Record excerpts Start Marker
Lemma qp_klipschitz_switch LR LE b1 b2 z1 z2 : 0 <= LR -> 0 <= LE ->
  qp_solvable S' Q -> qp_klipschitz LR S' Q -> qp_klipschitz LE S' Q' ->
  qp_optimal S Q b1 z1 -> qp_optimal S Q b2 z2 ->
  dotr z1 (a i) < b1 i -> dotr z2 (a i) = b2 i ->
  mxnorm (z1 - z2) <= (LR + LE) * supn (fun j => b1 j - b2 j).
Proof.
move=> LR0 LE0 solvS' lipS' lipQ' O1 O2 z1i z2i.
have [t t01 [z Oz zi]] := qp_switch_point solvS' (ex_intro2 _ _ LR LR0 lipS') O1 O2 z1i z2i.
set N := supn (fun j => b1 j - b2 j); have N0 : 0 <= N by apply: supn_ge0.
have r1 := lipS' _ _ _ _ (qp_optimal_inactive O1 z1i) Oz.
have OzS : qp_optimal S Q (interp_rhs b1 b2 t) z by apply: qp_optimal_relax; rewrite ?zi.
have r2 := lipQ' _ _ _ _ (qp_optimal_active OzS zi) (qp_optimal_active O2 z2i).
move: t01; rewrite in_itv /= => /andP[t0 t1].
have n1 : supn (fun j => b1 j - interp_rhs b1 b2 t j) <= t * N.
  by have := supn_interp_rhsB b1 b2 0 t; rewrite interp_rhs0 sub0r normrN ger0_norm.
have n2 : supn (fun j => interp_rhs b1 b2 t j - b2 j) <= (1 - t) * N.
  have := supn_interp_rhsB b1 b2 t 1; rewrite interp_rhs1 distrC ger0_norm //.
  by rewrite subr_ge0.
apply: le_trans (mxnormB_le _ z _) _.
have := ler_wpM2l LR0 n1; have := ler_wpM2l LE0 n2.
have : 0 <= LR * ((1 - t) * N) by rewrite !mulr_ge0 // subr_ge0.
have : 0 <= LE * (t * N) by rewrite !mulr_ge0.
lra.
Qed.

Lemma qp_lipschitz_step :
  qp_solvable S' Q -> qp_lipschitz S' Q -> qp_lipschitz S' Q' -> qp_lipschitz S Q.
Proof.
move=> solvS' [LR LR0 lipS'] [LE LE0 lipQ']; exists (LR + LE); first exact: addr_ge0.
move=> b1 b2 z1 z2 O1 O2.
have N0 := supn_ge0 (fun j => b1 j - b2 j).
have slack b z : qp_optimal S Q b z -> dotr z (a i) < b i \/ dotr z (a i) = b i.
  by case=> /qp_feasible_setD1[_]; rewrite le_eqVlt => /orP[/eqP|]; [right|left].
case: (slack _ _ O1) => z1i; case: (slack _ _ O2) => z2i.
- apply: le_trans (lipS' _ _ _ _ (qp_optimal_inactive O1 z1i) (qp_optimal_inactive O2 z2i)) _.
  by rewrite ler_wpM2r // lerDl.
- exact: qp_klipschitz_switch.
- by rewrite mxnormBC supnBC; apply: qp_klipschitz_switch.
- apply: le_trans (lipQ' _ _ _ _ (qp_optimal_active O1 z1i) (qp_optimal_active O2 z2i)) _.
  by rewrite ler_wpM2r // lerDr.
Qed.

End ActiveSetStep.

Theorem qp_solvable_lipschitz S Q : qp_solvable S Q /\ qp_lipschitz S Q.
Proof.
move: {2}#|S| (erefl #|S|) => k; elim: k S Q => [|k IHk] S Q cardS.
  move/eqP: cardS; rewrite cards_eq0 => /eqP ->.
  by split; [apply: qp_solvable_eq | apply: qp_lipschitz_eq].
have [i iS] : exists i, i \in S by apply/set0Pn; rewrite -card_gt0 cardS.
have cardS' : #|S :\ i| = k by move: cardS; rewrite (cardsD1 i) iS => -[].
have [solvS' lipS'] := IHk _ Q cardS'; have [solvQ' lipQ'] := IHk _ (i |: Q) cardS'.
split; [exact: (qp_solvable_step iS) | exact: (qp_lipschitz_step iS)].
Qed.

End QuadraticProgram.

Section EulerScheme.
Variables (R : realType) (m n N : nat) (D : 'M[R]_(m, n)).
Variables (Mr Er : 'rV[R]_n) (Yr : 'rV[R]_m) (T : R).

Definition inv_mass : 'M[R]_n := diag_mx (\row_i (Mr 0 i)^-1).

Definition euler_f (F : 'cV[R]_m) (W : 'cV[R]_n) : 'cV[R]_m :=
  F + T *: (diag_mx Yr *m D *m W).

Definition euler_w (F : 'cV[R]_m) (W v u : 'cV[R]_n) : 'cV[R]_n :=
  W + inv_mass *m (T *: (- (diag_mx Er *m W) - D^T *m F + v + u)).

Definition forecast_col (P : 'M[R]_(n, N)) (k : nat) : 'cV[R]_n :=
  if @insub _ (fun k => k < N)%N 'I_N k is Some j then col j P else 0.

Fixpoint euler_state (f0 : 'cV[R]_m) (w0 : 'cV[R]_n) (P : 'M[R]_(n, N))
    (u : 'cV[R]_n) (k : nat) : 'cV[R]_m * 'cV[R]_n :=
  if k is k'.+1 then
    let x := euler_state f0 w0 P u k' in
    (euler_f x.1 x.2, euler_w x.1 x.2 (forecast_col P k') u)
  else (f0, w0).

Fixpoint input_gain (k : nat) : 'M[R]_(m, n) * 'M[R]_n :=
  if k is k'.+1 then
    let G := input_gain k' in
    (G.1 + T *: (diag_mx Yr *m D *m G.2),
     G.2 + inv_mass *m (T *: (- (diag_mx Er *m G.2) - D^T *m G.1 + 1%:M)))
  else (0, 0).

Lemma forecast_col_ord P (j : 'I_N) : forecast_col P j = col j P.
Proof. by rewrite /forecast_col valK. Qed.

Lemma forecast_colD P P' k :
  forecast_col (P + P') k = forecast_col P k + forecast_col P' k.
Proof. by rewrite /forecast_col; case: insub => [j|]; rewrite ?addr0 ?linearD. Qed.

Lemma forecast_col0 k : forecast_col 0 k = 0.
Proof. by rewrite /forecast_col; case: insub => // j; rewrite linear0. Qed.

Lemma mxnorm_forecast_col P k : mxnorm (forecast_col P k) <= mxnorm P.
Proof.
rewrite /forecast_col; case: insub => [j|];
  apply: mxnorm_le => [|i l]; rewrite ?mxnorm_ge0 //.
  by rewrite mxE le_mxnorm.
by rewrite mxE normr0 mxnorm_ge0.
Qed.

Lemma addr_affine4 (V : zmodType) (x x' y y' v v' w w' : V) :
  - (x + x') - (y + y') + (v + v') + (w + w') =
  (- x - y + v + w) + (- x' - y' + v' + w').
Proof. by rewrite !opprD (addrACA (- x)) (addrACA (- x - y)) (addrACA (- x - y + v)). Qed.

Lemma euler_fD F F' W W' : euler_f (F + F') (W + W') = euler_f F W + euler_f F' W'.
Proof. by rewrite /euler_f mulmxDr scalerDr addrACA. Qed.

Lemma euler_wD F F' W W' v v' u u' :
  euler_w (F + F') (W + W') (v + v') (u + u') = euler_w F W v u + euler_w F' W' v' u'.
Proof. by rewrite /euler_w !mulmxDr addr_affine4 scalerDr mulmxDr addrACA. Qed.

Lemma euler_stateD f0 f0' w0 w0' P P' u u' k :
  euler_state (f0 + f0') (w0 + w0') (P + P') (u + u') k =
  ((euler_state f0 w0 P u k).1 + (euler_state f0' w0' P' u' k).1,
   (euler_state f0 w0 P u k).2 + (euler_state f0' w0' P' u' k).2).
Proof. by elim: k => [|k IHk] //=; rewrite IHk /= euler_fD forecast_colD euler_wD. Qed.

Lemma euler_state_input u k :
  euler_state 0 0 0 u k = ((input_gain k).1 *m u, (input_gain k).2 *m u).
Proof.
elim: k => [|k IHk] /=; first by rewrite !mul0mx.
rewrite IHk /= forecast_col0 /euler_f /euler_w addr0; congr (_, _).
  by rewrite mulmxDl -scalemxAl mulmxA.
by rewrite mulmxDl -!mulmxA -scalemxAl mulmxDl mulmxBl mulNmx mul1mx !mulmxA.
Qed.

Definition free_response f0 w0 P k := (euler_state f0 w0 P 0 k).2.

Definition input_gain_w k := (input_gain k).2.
Record excerpts End Marker
▶ [Task]
Go through the records above and copy every line with the word "else".

▶ [Reply to the task]
  if @insub _ (fun k => k < N)%N 'I_N k is Some j then col j P else 0.
  else (f0, w0).
  else (0, 0).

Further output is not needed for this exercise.